Alkan was a recluse for many years and his music suffered from neglect, at least from most main stream pianists. There have always been some pianists and composers that knew of his works, but the real revival of Alkan's works began in the last years of the 1960's. With landmark recordings by the pianists Raymond Lewenthal and Ronald Smith, Alkan's music is now back in the repertoire, at least for the pianists who can play it. Many of Alkan's works are very difficult technically and musically, which no doubt led to their neglect for many years.
I. Allegro assai - The first movement is the eighth etude of the 12 Etudes In The Minor Keys. It begins in the key of G-sharp minor with a section marked quasi trombe (like trumpets). This first theme is followed by a second contrasting theme. Following the second contrasting theme, a third theme of a more robust nature makes its entrance. A short return to the opening material rounds off what constitutes the orchestral part of the exposition. The soloist part enters with runs up and down the keyboard and the exposition continues with the return of all three themes in expanded form. The development section of these themes runs far afield in mood and texture, and with just a little effort a good listener can begin to 'hear' the entities of soloist and orchestra take shape. The harbinger of the recapitulation appears as a persistent G-sharp, sometimes in the treble, sometimes in the bass.
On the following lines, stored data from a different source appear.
(* Let $\boldsymbol{f}\in\mathbb{R}^E$ satisfy $\boldsymbol{u}^-_e<\boldsymbol{f}_e<\boldsymbol{u}^+_e$ for all $e$ and $\boldsymbol{c}^\top\boldsymbol{f}>F^*$. Let $\tilde{\boldsymbol{g}}\in\mathbb{R}^E$ satisfy $\|\mathbf{L}(\boldsymbol{f})^{-1}(\tilde{\boldsymbol{g}}-\boldsymbol{g}(\boldsymbol{f}))\|_\infty\le\kappa/8$ for some $\kappa\in(0,1)$, and $\tilde{\boldsymbol{\ell}}\in\mathbb{R}^E_{>0}$ satisfy $\tilde{\boldsymbol{\ell}}\approx_2\boldsymbol{\ell}(\boldsymbol{f})$. Let $\boldsymbol{\Delta}$ satisfy $\mathbf{B}^\top\boldsymbol{\Delta}=0$ and $\tilde{\boldsymbol{g}}^\top\boldsymbol{\Delta}/\|\tilde{\mathbf{L}}\boldsymbol{\Delta}\|_1\le-\kappa$, and let $\eta$ satisfy $\eta\,\tilde{\boldsymbol{g}}^\top\boldsymbol{\Delta}=-\kappa^2/50$. Then $\Phi(\boldsymbol{f}+\eta\boldsymbol{\Delta})\le\Phi(\boldsymbol{f})-\kappa^2/500$.
   Context: Setting: $G=(V,E)$ is a directed graph with $m=|E|$ edges and edge-vertex incidence matrix $\mathbf{B}$ (row of edge $(a,b)$ has $+1$ at $a$, $-1$ at $b$); demands $\boldsymbol{d}\in\mathbb{Z}^V$, lower/upper capacities $\boldsymbol{u}^-,\boldsymbol{u}^+\in\mathbb{Z}^E$, and costs $\boldsymbol{c}\in\mathbb{Z}^E$ are integers bounded in absolute value by $U$. $F^*=\min\{\boldsymbol{c}^\top\boldsymbol{f}:\mathbf{B}^\top\boldsymbol{f}=\boldsymbol{d},\ \boldsymbol{u}^-\le\boldsymbol{f}\le\boldsymbol{u}^+\}$. Let $\alpha=1/(1000\log(mU))$ and $\Phi(\boldsymbol{f})=20m\log(\boldsymbol{c}^\top\boldsymbol{f}-F^* )+\sum_{e\in E}\big((\boldsymbol{u}^+_e-\boldsymbol{f}_e)^{-\alpha}+(\boldsymbol{f}_e-\boldsymbol{u}^-_e)^{-\alpha}\big)$. Lengths: $\boldsymbol{\ell}(\boldsymbol{f})_e=(\boldsymbol{u}^+_e-\boldsymbol{f}_e)^{-1-\alpha}+(\boldsymbol{f}_e-\boldsymbol{u}^-_e)^{-1-\alpha}$; gradients $\boldsymbol{g}(\boldsymbol{f})=\nabla\Phi(\boldsymbol{f})$, i.e. $\boldsymbol{g}(\boldsymbol{f})_e=20m(\boldsymbol{c}^\top\boldsymbol{f}-F^* )^{-1}\boldsymbol{c}_e+\alpha(\boldsymbol{u}^+_e-\boldsymbol{f}_e)^{-1-\alpha}-\alpha(\boldsymbol{f}_e-\boldsymbol{u}^-_e)^{-1-\alpha}$. $\mathbf{L}(\boldsymbol{f})=\mathrm{diag}(\boldsymbol{\ell}(\boldsymbol{f}))$, $\tilde{\mathbf{L}}=\mathrm{diag}(\tilde{\boldsymbol{\ell}})$. For positive vectors, $\boldsymbol{x}\approx_\beta\boldsymbol{y}$ means $\beta^{-1}\boldsymbol{y}_i\le\boldsymbol{x}_i\le\beta\boldsymbol{y}_i$ for all $i$. *)

From mathcomp Require Import all_boot all_order all_algebra.
From mathcomp Require Import all_classical all_reals all_analysis.
Set Implicit Arguments. Unset Strict Implicit. Unset Printing Implicit Defensive.
Import Order.TTheory GRing.Theory Num.Theory.
Local Open Scope ring_scope.

Section Defs.
Variable R : realType.
Variables (V : finType) (m : nat).
Variables (src dst : 'I_m -> V).

(* Edge-vertex incidence matrix B: row of edge (a,b) has +1 at a, -1 at b. *)
Definition incB (e : 'I_m) (v : V) : R := (src e == v)%:R - (dst e == v)%:R.

Definition BT (x : 'I_m -> R) (v : V) : R := \sum_(e < m) incB e v * x e.

Definition dotE (x y : 'I_m -> R) : R := \sum_(e < m) x e * y e.

Definition norm1 (x : 'I_m -> R) : R := \sum_(e < m) `|x e|.
Definition norminf (x : 'I_m -> R) : R := \big[Num.max/0]_(e < m) `|x e|.

Definition feasible (d : V -> R) (um up f : 'I_m -> R) : Prop :=
  (forall v, BT f v = d v) /\ (forall e, um e <= f e <= up e).

Definition is_min_cost (d : V -> R) (um up c : 'I_m -> R) (Fstar : R) : Prop :=
  (exists f0, feasible d um up f0 /\ dotE c f0 = Fstar) /\
  (forall f, feasible d um up f -> Fstar <= dotE c f).

Definition alpha (U : nat) : R := 1 / (1000 * ln ((m * U)%:R)).

Definition Phi (U : nat) (Fstar : R) (um up c f : 'I_m -> R) : R :=
  20 * m%:R * ln (dotE c f - Fstar)
  + \sum_(e < m) (powR (up e - f e) (- alpha U) + powR (f e - um e) (- alpha U)).

Definition ell (U : nat) (um up f : 'I_m -> R) (e : 'I_m) : R :=
  powR (up e - f e) (-1 - alpha U) + powR (f e - um e) (-1 - alpha U).

Definition grad (U : nat) (Fstar : R) (um up c f : 'I_m -> R) (e : 'I_m) : R :=
  20 * m%:R * (dotE c f - Fstar)^-1 * c e
  + alpha U * powR (up e - f e) (-1 - alpha U)
  - alpha U * powR (f e - um e) (-1 - alpha U).

End Defs.

(* Write delta = eta Delta and M = sum_e ell_e |delta_e|.  The choice of eta makes
   g~ . delta = -kappa^2/50, and together with g~ . Delta <= -kappa ||L~ Delta||_1 and
   L~ ~ L it forces M <= kappa/25; in particular every edge moves by at most a quarter
   of its inverse length.  On that scale the barrier x^(-alpha) obeys the second-order
   bound (s + t)^(-a) <= s^(-a) - a s^(-1-a) t + 6 a (s^(-1-a) t)^2, provided the slack s
   satisfies s^a <= 2; this holds for all slacks s <= 2U because
   alpha ln((mU)^2) = 1/500.  The cost term 20 m ln(c^T f - F_star) is concave, so
   Phi(f + delta) <= Phi(f) + grad . delta + 6 alpha M^2, and replacing grad by g~ costs
   at most kappa/8 M.  Altogether the decrease is at least
   kappa^2/50 - kappa^2/200 - 6 kappa^2/(8 * 625) >= kappa^2/500. *)

From mathcomp Require Import all_boot all_order all_algebra.
From mathcomp Require Import all_classical all_reals all_analysis.
From mathcomp Require Import ring lra.
Set Implicit Arguments. Unset Strict Implicit. Unset Printing Implicit Defensive.
Import Order.TTheory GRing.Theory Num.Theory.
Local Open Scope ring_scope.

Section ElementaryBounds.
Variable R : realType.
Implicit Types b r s t x h : R.

Lemma expR_le_quad x : x <= 1/2 -> expR x <= 1 + x + 2 * x ^+ 2.
Proof.
move=> x_le.
have inv_exp : expR x * expR (- x) = 1 := expRxMexpNx_1 x.
have lin_exp : 1 - x <= expR (- x) := expR_ge1Dx (- x).
have cubic : 0 <= x ^+ 2 * (1 - 2 * x) by rewrite mulr_ge0 ?sqr_ge0 //; lra.
have := expR_gt0 x; nra.
Qed.

Lemma le_div_ln1Dx x : -1 < x -> x / (1 + x) <= ln (1 + x).
Proof.
move=> x_gt; have x1_gt0 : 0 < 1 + x by lra.
have inv_gt0 : 0 < (1 + x)^-1 by rewrite invr_gt0.
have := @le_ln1Dx R ((1 + x)^-1 - 1) ltac:(lra).
have -> : 1 + ((1 + x)^-1 - 1) = (1 + x)^-1 by ring.
have -> : (1 + x)^-1 - 1 = - (x / (1 + x)) by field; lra.
rewrite lnV ?posrE //; lra.
Qed.

Lemma ln_le_div x h : 0 < x -> 0 < x + h -> ln (x + h) <= ln x + h / x.
Proof.
move=> x_gt0 xh_gt0.
have -> : x + h = x * (1 + h / x) by field; lra.
have hx_gt : -1 < h / x by rewrite ltr_pdivlMr //; lra.
by rewrite lnM ?posrE ?lerD2l ?le_ln1Dx //; lra.
Qed.

Lemma powR1DN_le_quad b r : 0 < b <= 1/8 -> `|r| <= 1/2 ->
  (1 + r) `^ (- b) <= 1 - b * r + 3 * b * r ^+ 2.
Proof.
move=> /andP[b_gt0 b_le] /[dup] r_small; rewrite ler_norml => /andP[r_ge r_le].
rewrite /powR gt_eqF /=; last lra.
set L := ln (1 + r).
have L_le : L <= r by apply: le_ln1Dx; lra.
have L_ge : r / (1 + r) <= L by apply: le_div_ln1Dx; lra.
have r1_pos : 0 < 1 + r by lra.
have L_ge_quad : r - 2 * r ^+ 2 <= L.
  apply: le_trans L_ge; rewrite ler_pdivlMr //.
  have : 0 <= r ^+ 2 * (1 + 2 * r) by rewrite mulr_ge0 ?sqr_ge0 //; lra.
  lra.
have L_sqr : L ^+ 2 <= 4 * r ^+ 2.
  case: (lerP 0 L) => L_sign; first nra.
  have r_le0 : r <= 0.
    rewrite leNgt; apply/negP => r_gt0.
    have : 0 <= r * (1 - 2 * r) by rewrite mulr_ge0 //; lra.
    lra.
  have : 0 <= - r * (1 + 2 * r) by rewrite mulr_ge0 //; lra.
  nra.
apply: le_trans (expR_le_quad _) _; first nra.
have lin : - (b * L) <= - (b * r) + 2 * b * r ^+ 2 by nra.
have quad : b * (b * L ^+ 2) <= b * (1/8 * (4 * r ^+ 2)).
  by rewrite ler_pM2l // ler_pM ?sqr_ge0 //; lra.
lra.
Qed.

Lemma powRDN_le_quad b s t : 0 < b <= 1/8 -> 0 < s -> s `^ b <= 2 ->
  `|t| * s `^ (-1 - b) <= 1/4 ->
  (s + t) `^ (- b)
    <= s `^ (- b) - b * (s `^ (-1 - b) * t) + 6 * b * (s `^ (-1 - b) * t) ^+ 2.
Proof.
move=> b_bnd s_gt0 w_le2 t_small.
(* (s + t)^(-b) = s^(-b) (1 + t/s)^(-b), with |t/s| = |t| s^(-1-b) s^b <= 1/2. *)
have s_neq0 : s != 0 by rewrite gt_eqF.
set p := s `^ (-1 - b); set q := s `^ (- b); set w := s `^ b in w_le2 *.
have p_gt0 : 0 < p by rewrite powR_gt0.
have w_gt0 : 0 < w by rewrite powR_gt0.
have q_ge0 : 0 <= q by rewrite powR_ge0.
have qw : q * w = 1 by rewrite /q powRN mulVf // gt_eqF.
have ps : p * s = q.
  rewrite /p /q (_ : -1 - b = - b + -1); last by ring.
  by rewrite powRD ?s_neq0 ?implybT // powR_inv1 ?divfK // ltW.
set r := t / s.
have r_eq : r = p * t * w.
  have -> : p = q / s by rewrite -ps mulfK.
  by rewrite /r -[LHS]mul1r -qw; field.
have r_small : `|r| <= 1/2.
  rewrite r_eq (mulrC p) !normrM (gtr0_norm p_gt0) (gtr0_norm w_gt0).
  have tp_ge0 : 0 <= `|t| * p by rewrite mulr_ge0 // ltW.
  have := ler_pM tp_ge0 (ltW w_gt0) t_small w_le2; lra.
have -> : s + t = s * (1 + r) by rewrite /r; field.
have r1_ge0 : 0 <= 1 + r by move: r_small; rewrite ler_norml; lra.
rewrite (powRM _ (ltW s_gt0) r1_ge0) -/q.
apply: le_trans (ler_wpM2l q_ge0 (powR1DN_le_quad b_bnd r_small)) _.
have qr : q * r = p * t by rewrite r_eq -[RHS]mul1r -qw; ring.
have qr2 : q * r ^+ 2 = (p * t) ^+ 2 * w by rewrite r_eq -[RHS]mul1r -qw; ring.
have : b * ((p * t) ^+ 2 * w) <= b * ((p * t) ^+ 2 * 2).
  have b_ge0 : 0 <= b by case/andP: b_bnd => /ltW.
  by rewrite ler_wpM2l // ler_wpM2l ?sqr_ge0.
have -> : q * (1 - b * r + 3 * b * r ^+ 2) = q - b * (q * r) + 3 * b * (q * r ^+ 2) by ring.
rewrite qr qr2; lra.
Qed.

Lemma step_length_le (D N kappa eta : R) : 0 < kappa -> 0 <= N ->
  D / N <= - kappa -> eta * D = - (kappa ^+ 2 / 50) ->
  0 < eta /\ eta * N <= kappa / 50.
Proof.
move=> k_gt0 N_ge0 ratio eta_D.
have N_gt0 : 0 < N.
  rewrite lt_neqAle N_ge0 andbT; apply/eqP => N0.
  by move: ratio; rewrite -N0 invr0 mulr0; lra.
move: ratio; rewrite ler_pdivrMr // => D_le.
have k2_gt0 : 0 < kappa ^+ 2 by rewrite exprn_gt0.
have eta_gt0 : 0 < eta.
  rewrite ltNge; apply/negP => eta_le0.
  have : 0 <= eta * D by rewrite mulr_le0 //; nra.
  lra.
split=> //; rewrite -(ler_pM2l k_gt0).
have : eta * (kappa * N) <= eta * (- D) by apply: ler_wpM2l; [exact: ltW | lra].
rewrite expr2 in eta_D; nra.
Qed.

End ElementaryBounds.

Section EdgeVectors.
Variables (R : realType) (m : nat).
Implicit Types (x g h w : 'I_m -> R) (eps : R).

Lemma sum_sqr_le_sqr_sum x : \sum_(e < m) x e ^+ 2 <= (\sum_(e < m) `|x e|) ^+ 2.
Proof.
set S := \sum_(e < m) `|x e|.
have term e : x e ^+ 2 <= `|x e| * S.
  rewrite -real_normK ?num_real // expr2 ler_wpM2l //.
  by rewrite /S (bigD1 e) //= lerDl sumr_ge0.
by rewrite [X in _ <= X]expr2 mulr_suml; apply: ler_sum => e _; exact: term.
Qed.

Lemma dotE_approx g h w x eps : (forall e, `|g e - h e| <= eps * w e) ->
  `|dotE g x - dotE h x| <= eps * \sum_(e < m) w e * `|x e|.
Proof.
move=> gh; rewrite /dotE -sumrB mulr_sumr.
apply: le_trans (ler_norm_sum _ _ _) _; apply: ler_sum => e _.
by rewrite -mulrBl normrM mulrA ler_wpM2r.
Qed.

Lemma norminf_scaled_le w x eps : (forall e, 0 < w e) ->
  norminf (fun e => (w e)^-1 * x e) <= eps -> forall e, `|x e| <= eps * w e.
Proof.
move=> w_gt0 x_le e; have := le_trans (le_bigmax _ _ e) x_le.
by rewrite normrM normfV (gtr0_norm (w_gt0 e)) mulrC ler_pdivrMr.
Qed.

End EdgeVectors.

Section AlphaBounds.
Variables (R : realType) (m U : nat).
Hypothesis mU_gt1 : (1 < m * U)%N.
Local Notation X := ((m * U)%:R : R).

Let ln_X_ge : 1/2 <= ln X.
Proof.
have := @le_div_ln1Dx R 1 ltac:(lra); rewrite (_ : 1 + 1 = 2) //.
move/le_trans; apply; rewrite ler_ln ?posrE ?ltr0n ?ler_nat //.
exact: ltnW.
Qed.

Lemma alpha_mul_ln : alpha R m U * ln X = 1/1000.
Proof. by rewrite /alpha; field; rewrite gt_eqF //; have := ln_X_ge; lra. Qed.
The recapitulation brings back the three themes, and then a section marked quasi-tamburo (like a drum) transforms the first and second subjects into a wildly rhythmic treatment that continues with the pianist using the third finger of each hand to hammer out a steady stream of alternating sixteenth notes in rapid tempo. The second theme appears over the sixteenth notes as it winds down to a repeat of the first theme in high chords of the treble accompanied by the bottom notes of the piano. A tremendous crescendo occurs, Alkan writes the key signature of A-flat major, the enharmonic equivalent of G-sharp major, and a short section brings back the trumpets of the beginning and the movement ends with a wide spread A-flat major chord. This first movement takes almost 30 minutes to play, consists of over 1300 measures, and taxes the technique and endurance of the pianist to the extreme. It is also a challenge musically. As if all that wasn't enough for the listener and pianist, there are two more movements to go.
II. Adagio - This is the 9th Etude from the set and as Alkan progressed by a perfect fourth through all the minor keys, it is in C-sharp minor. The opening is marked quasi-celli (like cellos). The orchestra plays a melancholy introduction to the theme that is taken up by the soloist. A second theme is in the major and is contrast to the opening. A short section for single unaccompanied notes leads to a section of a different character all together, a somewhat light-hearted tune that leads to an impassioned, agitated repeat of the first theme which leads to yet another different section punctuated by a drum beat rhythm in the bass. The light hearted tune alternated with the drum beats until the opening theme returns once again but is soon interrupted by the drumbeats. The melancholy introduction appears, the drumbeats quietly interrupt one more time. The first two measures of the first theme are played over the quiet drumbeats. A strongly accented triple forte C-sharp minor chord widely spread between both extremes of the keyboard end the movement.
III. Allegretto alla barbaresca - The 10th Etude from the set in F-sharp minor begins with a huge rolled chord for both hands and a 4 bar motive that appears throughout the etude, sandwiched between some incredibly different sections. The entire etude is one of movement and themes that are presented with abandon. There is an impelling forward movement in the music that is apparent even in the calmer sections. The work ends in a deluge of manic intensity and bravado in F-sharp major.
Ronald Smith is the pianist in the accompanying video. I first heard his recording of this work on long playing records many years ago. Since then there have been other recordings of the 12 Minor Key Etudes, and along with the recording by Ronald Smith I especially enjoy the recording by Jack Gibbons, an English pianist who was the first to perform all 12 Minor Key Etudes in live concert at Oxford in 1995.